Diego de Velázquez
Diego de Velázquez. h 1657. Óleo sobre lienzo. 220 x 289. Museo del Prado. Madrid
Foto: wikimmedia

Se trata de una de las obras emblemáticas de Velázquez, realizada en sus últimos años de actividad.

El cuadro representa una escena que parece costumbrista, un taller de costura. Sin embargo el tema representado es mucho más complejo.

Lo que representó Velázquez fue una escena mitológica, “la fábula de Aracne” que representa la contienda entre Atenea y Aracne por ver quien tejía mejor, y la consiguiente transformación en araña de Aracne como maldición impuesta por la diosa Atenea.

En primer plano vemos un taller de costura con 5 hilanderas preparando lanas para tejer tapices. Una escena en el fondo nos muestra a cinco mujeres ricamente vestidas contemplando un tapiz en el que está representada la Fábula de Aracne.

Velázquez representó un tema mitológico huyendo de grandilocuencias, incluyendo la escena en un ambiente cotidiano alusivo a la historia del mito, en este caso el ámbiente fabril del telar.

La gran armonía compositiva basada en la utilización de la luz, el ritmo y el color que consiguen dirigir la mirada del espectador desde el primer plano hasta el fondo, pasando por la hilandera que se agacha.
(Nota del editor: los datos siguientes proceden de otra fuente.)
Theorem theorem2
  (P yH yL u gamma : R) (C dC d2C eta deta d2eta : R -> R)
  (hP : 0 < P) (hy : yL < yH) (hyL : 0 <= yL)
  (hgamma : 0 < gamma <= 1)
  (hC0 : C 0 = 0)
  (hCinc : increasing_on_Ico0 (Finite 1) C)
  (hCconv : strictly_convex_on_Ico0 (Finite 1) C)
  (hCdiff : twice_diff_on_Ico0 (Finite 1) C dC d2C)
  (hClim : filterlim C (at_left 1) (Rbar_locally p_infty))
  (heta0 : eta 0 = 0)
  (hetainc : increasing_on_Ico0 p_infty eta)
  (hetaconv : strictly_convex_on_Ico0 p_infty eta)
  (hetadiff : twice_diff_on_Ico0 p_infty eta deta d2eta)
  (hC'0 : dC 0 < P * yH - P * yL) :
  exists a wH wL bH bL,
    optimal P yH yL gamma u C eta a wH wL bH bL /\
    0 < a < 1 /\ bH = 0 /\ bL = 0.
Proof.
  assert (hD : P * yL < P * yH) by nra.
  assert (heta : forall b, 0 <= b -> 0 <= eta b).
  { intros b Hb. apply (increasing_nonneg eta p_infty); [auto|auto|split; simpl; auto]. }
  destruct (effort_value_interior_argmax P yH yL u C dC d2C
              hD hC0 hCinc hCconv hCdiff hClim hC'0)
    as [A [HA Hmax]].
  destruct (effort_value_attained P yH yL gamma u C dC eta A hC0 heta0 hCinc hCconv HA
              (is_derive_C C dC d2C hCdiff A HA)) as [wH [wL [Hfeas Hobj]]].
  exists A, wH, wL, 0, 0. split; [split|auto].
  - exact Hfeas.
  - intros a wH' wL' bH' bL' Hfeas'.
    rewrite Hobj. eapply Rle_trans.
    + apply (employer_obj_le_effort_value P yH yL gamma u C dC eta); auto; [lra|].
      exact (is_derive_C C dC d2C hCdiff a).
    + apply Hmax. apply Hfeas'.
Qed.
En la escena del fondo una mujer se vuelve hacia el espectador, sorprendiéndolo por la intromisión.

La colocación de la escena principal del cuadro en segundo plano, al fondo del cuadro es un recurso muy Barroco, que Velázquez ejecutó con gran maestría en esta y en otras obras, como Las Meninas.

Esta fábula le sirve al pintor para reivindicar la pintura como un arte liberal, al igual que el tejido de tapices, y no una labor artesanal como se concebía en la España del siglo XVII.

Una pinceleda completamente suelta con un toque impresionista, que sugiere y compone una realidad total, es el legado que dejó en esta obra el genial pintor sevillano, cuyos logros pictóricos se anticiparon en más de 200 años al impresionismo.